A survey which says adults are reading in declining numbers is troublesome for a lot of us. Too many ideas come through books, and more books than we’re going to be assigned in school–or books written after we stopped taking courses. There is also a school of thought that reading places demands on the brain that watching the moving pictures just doesn’t. (I will concede that there are some very good and challenging television shows by any standard, and some very bad books. Let’s not get sidetracked.)
So we want the student to learn a certain amount of mathematics–or history, or civics, or science–and this is sufficient. We want them to learn to read, to have read certain works, and to write with some clarity–but we also want them to continue to read when the RRL doesn’t command them any more. Freshman Calculus is an end. Freshman English is a start. This ought to affect how English is taught. If the students can pass a written exam on six assigned novels, but leave the course vowing never to read a seventh, is this a satisfactory outcome?
Which brings me back to the horrors of English Grades 7-12 and English 101. It’s not that I didn’t like this or that author. It’s that I liked scarcely any of them, and I’m not that hard to please. And my response seems all too common. It’s under-represented in most places that discuss books, because too many of those who consistently disliked their assignments gave up on reading for pleasure. Which, of course, is the tragedy of it.
There’s a reason for this. The assignments may all have been “classics” but a much more interesting assortment could have been found even within the fiction Canon. The problem was by the time you crossed out every title with romance, adventure, detection or violence and doubled down on “coming of age” and “relationship” books and Important Lessons as understood by middle-aged female civil servants the remaining titles were indoctrination–and really dull indoctrination at that. Shakespeare was of course an exception, but I think they’d have dropped him if they’d dared. Certainly no one else with a Shakespearean plot was admitted.

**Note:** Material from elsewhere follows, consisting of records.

(* Let $(V,E)$ be a finite graph and $p\in[0,1]$. Let $(\eta_t,\sigma_t)_{t\ge0}$ be a continuous-time Markov jump process on $\{0,1\}^E\times\{-1,1\}^V$ with the following rates: (a) if $\sigma'=\sigma$ and there is $e\in E$ with $\eta'=\eta^e$ and $\gamma_\eta(e)=1$, then $c((\eta,\sigma),(\eta',\sigma'))=\big((1-p)\mathbf 1_{\eta(e)=1}+p\mathbf 1_{\eta(e)=0}\big)\mathbf 1_{(\eta,\sigma)\in\mathcal C}$; (b) if $\sigma'=\sigma$ and there is $e\in E$ with $\eta'=\eta^e$, $\gamma_\eta(e)=0$ and $\delta_\sigma(e)=1$, then $c((\eta,\sigma),(\eta',\sigma'))=\frac12\big((1-p)\mathbf 1_{\eta(e)=1}+p\mathbf 1_{\eta(e)=0}\big)\mathbf 1_{(\eta,\sigma)\in\mathcal C}$; (c) if there are $x\in V$ and $e\in E_x$ with $\sigma'=\sigma^x$, $\eta'=\eta^e$, $\gamma_\eta(e)=0$, $\eta(e)=\delta_\sigma(e)$ and $\eta(f)=0$ for all $f\in E_x\setminus\{e\}$, then $c((\eta,\sigma),(\eta',\sigma'))=\frac14\big((1-p)\mathbf 1_{\eta(e)=1}\mathbf 1_{(\eta,\sigma)\in\mathcal C}+p\mathbf 1_{\eta(e)=0}\mathbf 1_{(\eta',\sigma')\in\mathcal C}\big)$; (d) all other off-diagonal rates are $0$. Suppose $(\eta_0,\sigma_0)$ is distributed according to $IP$. Then for every $x\in V$, $\sigma\in\{-1,1\}^V$ and $s\ge0$, $$\lim_{t\to0}\frac1t\,\mathbb P(\sigma_{t+s}=\sigma^x\mid\sigma_s=\sigma)=\frac14\,|E_x|\,p\,(1-p)^{|\{e\in E_x:\ \delta_\sigma(e)=1\}|}.$$
   Context: Edge configurations $\eta\in\{0,1\}^E$ (1 = open), spin configurations $\sigma\in\{-1,1\}^V$. For $e=\langle x,y\rangle$, $\delta_\sigma(e)=\mathbf 1_{\sigma(x)=\sigma(y)}$. $\mathcal C=\{(\eta,\sigma):\eta(e)\le\delta_\sigma(e)\ \forall e\in E\}$. $IP(\eta,\sigma)=\frac1Z\prod_{e\in E}\big(p\mathbf 1_{\eta(e)=1}\delta_\sigma(e)+(1-p)\mathbf 1_{\eta(e)=0}\big)$ with $Z$ the normalizing constant. $E_x$ is the set of edges with endvertex $x$; $\sigma^x$ is $\sigma$ with the spin at $x$ flipped; $\eta^e$ is $\eta$ with the value at $e$ changed. For $e=\langle x,y\rangle$, $\gamma_\eta(e)=1$ if $x,y$ are connected by a path of open edges of $\eta$ not using $e$, and $0$ otherwise. *)

From HB Require Import structures.
From mathcomp Require Import all_boot all_order all_algebra.
From mathcomp Require Import all_classical all_reals all_analysis.
Set Implicit Arguments. Unset Strict Implicit. Unset Printing Implicit Defensive.
Import Order.TTheory GRing.Theory Num.Theory.
Local Open Scope ring_scope.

And for at least the third time: I am not saying that works assigned in school should be chosen on the basis of popularity. I’m saying that within the range of great English literature there is a tremendous variety of form and content. If we could persuade our English departments to use more of that variety, more students would be aware of the possibilities. They might continue to at least monitor the “Great Conversation” when there was no longer an instructor around to berate them.

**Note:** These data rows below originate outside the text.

Lemma ray_wf p t : wf (Pt (Num.max (xa p) t) (ray_f p t)).
Proof.
set m := Num.max (xa p) t; have le_am : xa p <= m by rewrite le_max lexx.
have a0 := xa_gt0 p; split => /=; first lra.
split; first by move=> s; rewrite /ray_f -/m leNgt => /negbTE ->.
split.
  move=> s lt_ms; have [eps [eps0 [lt_eps pw]]] := xf_pw_const (le_lt_trans le_am lt_ms).
  have [c c0 [le_ce le_cd]] := @exists_pos_le2 _ eps ((s - m) / 2) eps0 (ltac:(lra)).
  exists c; split => //; split; first lra.
  move=> r /andP[r1 r2]; rewrite /ray_f -/m lt_ms ifT; last lra.
  by apply: pw; apply/andP; split; lra.
have [b [le_ab b0]] := xf_eventually0 p.
exists (b + m); split => [|s lt_s]; first lra.
by rewrite /ray_f; case: ifP => // _; apply: b0; lra.
Qed.

Definition ray p t : point := exist _ _ (ray_wf p t).

Lemma ray_xa p t : xa p <= t -> xa (ray p t) = t.
Proof. exact: max_r. Qed.

Lemma xf_ray p t s : xa p <= t -> t < s -> xf (ray p t) s = xf p s.
Proof. by move=> le_at lt_ts; rewrite /xf /= /ray_f max_r // lt_ts. Qed.

Lemma ray_self p : ray p (xa p) = p.
Proof.
apply: point_eq => [|s]; first exact: ray_xa.
case: (lerP s (xa p)) => hs; last exact: xf_ray.
by rewrite !xf_below // ray_xa.
Qed.

Lemma preceq_ray p t : xa p <= t -> preceq p (ray p t).
Proof. by move=> le_at; split=> [|s]; rewrite ray_xa // => /(xf_ray le_at). Qed.

Lemma ray_mono p s t : xa p <= s -> s <= t -> preceq (ray p s) (ray p t).
Proof.
move=> le_as le_st; have le_at := le_trans le_as le_st.
split=> [|r]; rewrite !ray_xa // => lt_tr.
by rewrite !xf_ray //; apply: le_lt_trans lt_tr.
Qed.

Lemma rho_ray p s t : xa p <= s -> xa p <= t -> rho (ray p s) (ray p t) = `|s - t|.
Proof.
move=> le_as le_at; rewrite rho_comparable ?ray_xa //.
by case: (lerP s t) => h; [left | right]; apply: ray_mono => //; apply: ltW.
Qed.

Lemma ray_eq y z h : xa y <= h -> xa z <= h ->
  (forall s, h < s -> xf y s = xf z s) -> ray y h = ray z h.
Proof.
move=> le_yh le_zh eq_yz; apply: point_eq => [|s]; first by rewrite !ray_xa.
case: (lerP s h) => hs; last by rewrite !xf_ray // eq_yz.
by rewrite !xf_below ?ray_xa.
Qed.

(** The supremum of p and q is the ray from p at the infimum of the heights
    beyond which f_p and f_q agree. *)
Lemma exists_sup p q : exists s, is_sup p q s.
Proof.
pose m := Num.max (xa p) (xa q).
have [le_pm le_qm] : xa p <= m /\ xa q <= m by rewrite !le_max !lexx orbT.
pose S t := m <= t /\ forall s, t < s -> xf p s = xf q s.
have [bp [le_bp bp0]] := xf_eventually0 p; have [bq [le_bq bq0]] := xf_eventually0 q.
have := xa_gt0 p; have := xa_gt0 q => q0 p0.
have S0 : S (bp + bq + m) by split=> [|s hs]; [lra | rewrite bp0 ?bq0 //; lra].
have lbS : has_lbound S by exists m => t [].
have le_mc : m <= inf S by apply: lb_le_inf => [|t []]; first by exists (bp + bq + m).
set c := inf S in le_mc.
have agree s : c < s -> xf p s = xf q s.
  by move=> /(inf_lt (ex_intro _ _ S0)) [t [_ ht] lt_ts]; apply: ht.
have le_pc : xa p <= c by apply: le_trans le_mc.
exists (ray p c); split; first exact: preceq_ray.
split.
  split=> [|s]; rewrite ray_xa //; first exact: le_trans le_mc.
  by move=> lt_cs; rewrite xf_ray // agree.
move=> u [le_pu eq_pu] [le_qu eq_qu].
have le_cu : c <= xa u.
  apply: ge_inf => //; split; first by rewrite ge_max le_pu.
  by move=> s hs; rewrite eq_pu // eq_qu.
split=> [|s lt_us]; first by rewrite ray_xa.
by rewrite xf_ray ?eq_pu //; apply: le_lt_trans lt_us.
Qed.

Lemma join_is_sup p q : is_sup p q (join p q).
Proof. exact: epsilon_spec (exists_sup p q). Qed.

Lemma common_upper_bound_rho p q : exists w,
  [/\ preceq p w, preceq q w, xa w - xa p <= rho p q & xa w - xa q <= rho p q].
Proof.
have norm_ge (r : R) : r <= `|r| /\ - r <= `|r|.
  by split; [exact: ler_norm | rewrite -normrN; exact: ler_norm].
have [n1 n2] := norm_ge (xa p - xa q).
have [[le_pq|le_qp]|incomp] := pselect (Defs.comparable p q).
- have [le _] := le_pq; exists q; rewrite rho_comparable; last by left.
  by split; [exact: le_pq | exact: preceq_refl | lra | lra].
- have [le _] := le_qp; exists p; rewrite rho_comparable; last by right.
  by split; [exact: preceq_refl | exact: le_qp | lra | lra].
have [le_pj [le_qj _]] := join_is_sup p q.
exists (join p q); split => //; rewrite /rho asboolF // /rho_cmp.
all: have [n3 n4] := norm_ge (xa p - xa (join p q)).
all: have [n5 n6] := norm_ge (xa (join p q) - xa q).
all: case: le_pj => le_p _; case: le_qj => le_q _; lra.
Qed.

Section LipschitzPath.
Variables (g : R -> point) (lo hi : R).
Hypothesis g_lip : forall s t, lo <= s <= hi -> lo <= t <= hi -> rho (g s) (g t) <= `|s - t|.

Lemma lipschitz_path_crossing (U V : point -> Prop) tu tv :
  rho_open U -> rho_open V -> (forall t, lo <= t <= hi -> U (g t) \/ V (g t)) ->
  lo <= tu -> tv <= hi -> tu <= tv -> U (g tu) -> V (g tv) ->
  exists2 t, lo <= t <= hi & U (g t) /\ V (g t).
Proof.
move=> oU oV cover lo_tu tv_hi le_uv Utu Vtv.
have in_range t : tu <= t <= tv -> lo <= t <= hi.
  by move=> /andP[t1 t2]; apply/andP; split; lra.
pose S t := tu <= t <= tv /\ U (g t).
have tuS : S tu by split; rewrite ?lexx ?le_uv.
have supS : has_sup S by split; [exists tu | exists tv => t [/andP[]]].
have ubS := sup_upper_bound supS.
set T := sup S in ubS.
have le_uT : tu <= T by apply: ubS.
have le_Tv : T <= tv by apply: ge_sup => [|t [/andP[]]]; first by exists tu.
have T_range : lo <= T <= hi by apply: in_range; rewrite le_uT.
case: (cover T T_range) => [UT | VT].
  have [e [e0 Ue]] := oU _ UT.
  have U_above t : tu <= t <= tv -> T <= t -> t < T + e -> U (g t).
    move=> ht le_Tt lt_t; apply: Ue.
    by rewrite (le_lt_trans (g_lip T_range (in_range _ ht))) // ler0_norm; lra.
  have Utv : U (g tv).
    case: (lerP (T + e / 2) tv) => [le_e | lt_e]; last first.
      by apply: U_above; rewrite ?le_uv ?lexx //; lra.
    have /ubS : S (T + e / 2).
      have ht : tu <= T + e / 2 <= tv by apply/andP; split; lra.
      by split => //; apply: U_above => //; lra.
    lra.
  by exists tv; [apply: in_range; rewrite le_uv lexx | split].
have [e [e0 Ve]] := oV _ VT.
have [s [/andP[s1 s2] Us] lt_s] := sup_adherent e0 supS.
have le_sT : s <= T by apply: ubS; split => //; apply/andP.
exists s; first by apply: in_range; rewrite s1 s2.
split => //; apply: Ve; rewrite -/T in lt_s.
by rewrite (le_lt_trans (g_lip T_range _)) ?in_range ?s1 ?s2 // ger0_norm; lra.
Qed.

Lemma rho_connected_lipschitz_path :
  rho_connected (fun p => exists2 t, lo <= t <= hi & p = g t).
Proof.
move=> U V oU oV cover [_ [[tu /andP[u1 u2] ->] Utu]] [_ [[tv /andP[v1 v2] ->] Vtv]].
have coverUV t : lo <= t <= hi -> U (g t) \/ V (g t) by move=> ht; apply: cover; exists t.
have coverVU t : lo <= t <= hi -> V (g t) \/ U (g t) by move=> /coverUV [];[right|left].
have [t ht [Ut Vt]] : exists2 t, lo <= t <= hi & U (g t) /\ V (g t).
  case: (lerP tu tv) => h; first exact: (lipschitz_path_crossing oU oV coverUV u1 v2 h Utu Vtv).
  by have [t ? []] := lipschitz_path_crossing oV oU coverVU v1 u2 (ltW h) Vtv Utu; exists t.
by exists (g t); split => //; exists t.
Qed.

End LipschitzPath.

Lemma rho_connected_union (A B : point -> Prop) :
  rho_connected A -> rho_connected B -> (exists w, A w /\ B w) ->
  rho_connected (fun p => A p \/ B p).
Proof.
move=> cA cB [w [Aw Bw]] U V oU oV cover [pu [ABu Uu]] [pv [ABv Vv]].
have crossA := cA U V oU oV (fun p Ap => cover p (or_introl Ap)).
have crossB := cB U V oU oV (fun p Bp => cover p (or_intror Bp)).
have inA (r : point) : A r /\ U r /\ V r -> exists r, (A r \/ B r) /\ U r /\ V r.
  by move=> [? ?]; exists r; split => //; left.
have inB (r : point) : B r /\ U r /\ V r -> exists r, (A r \/ B r) /\ U r /\ V r.
  by move=> [? ?]; exists r; split => //; right.
case: (cover w (or_introl Aw)) => [Uw | Vw].
  case: ABv => [Av | Bv].
    by have [r ?] := crossA (ex_intro _ w (conj Aw Uw)) (ex_intro _ pv (conj Av Vv)); apply: (inA r).
  by have [r ?] := crossB (ex_intro _ w (conj Bw Uw)) (ex_intro _ pv (conj Bv Vv)); apply: (inB r).
case: ABu => [Au | Bu].
  by have [r ?] := crossA (ex_intro _ pu (conj Au Uu)) (ex_intro _ w (conj Aw Vw)); apply: (inA r).
by have [r ?] := crossB (ex_intro _ pu (conj Bu Uu)) (ex_intro _ w (conj Bw Vw)); apply: (inB r).
Qed.

Lemma rho_connected_ray y h :
  rho_connected (fun p => exists2 t, xa y <= t <= h & p = ray y t).
Proof.
apply: rho_connected_lipschitz_path => s t /andP[ys _] /andP[yt _].
by rewrite rho_ray.
Qed.

Section Branches.
Variable x : point.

Isn’t that one of the objectives?
As for popularity and appeal, I’m an agnostic. Difficulty is not an end it itself unless you’re writing a classic mystery–or a crossword puzzle. Nor are best-selling authors necessarily the simplest and easiest. Tolkien is not an easy read if you do it right, and I’m pretty sure if you handed Edgar Rice Burroughs’ PRINCESS OF MARS to a major publisher today, they’d tell Burroughs to shorten his sentences and reduce his vocabulary. Jenny Crusie has done that-but I find I have to take careful notes and construct timelines to get the full juice out of her plots. The early Tom Clancy–HUNT FOR RED OCTOBER and RED STORM RISING showed very considerable research–unsettling amounts of it in certain quarters. But none of this has gotten me through a “Harry Potter” yet.
I think it’s fair to say that rising levels of difficulty–especially of sentence structure and vocabulary–can limit appeal. But it’s also fair to say that any book which sells well initially and stays in print for decades without academic support got basic story-telling right.
I don’t know what to make of the Book of the Moment–half a million copies sold one year, and forever out of print within five. I never did. But they aren’t all bad, and I have continued to re-read and treasure some novels out of print 30 years and more.
If only the Google Settlement had gone through!
robert_piepenbrink
9 May 10 at 10:28 am edit_comment_link(__('Edit', 'sandbox'), ' ', ''); ?>
Mique is pronounced Mike–and if you look at the header, you’ll see that that’s the way he spells it in real life.
He was on an Internet discussion group for a while where there were three or four other Mikes, and adopted the spelling so that people wouldn’t keep imputing to him opinions that belonged to the others and that he didn’t share.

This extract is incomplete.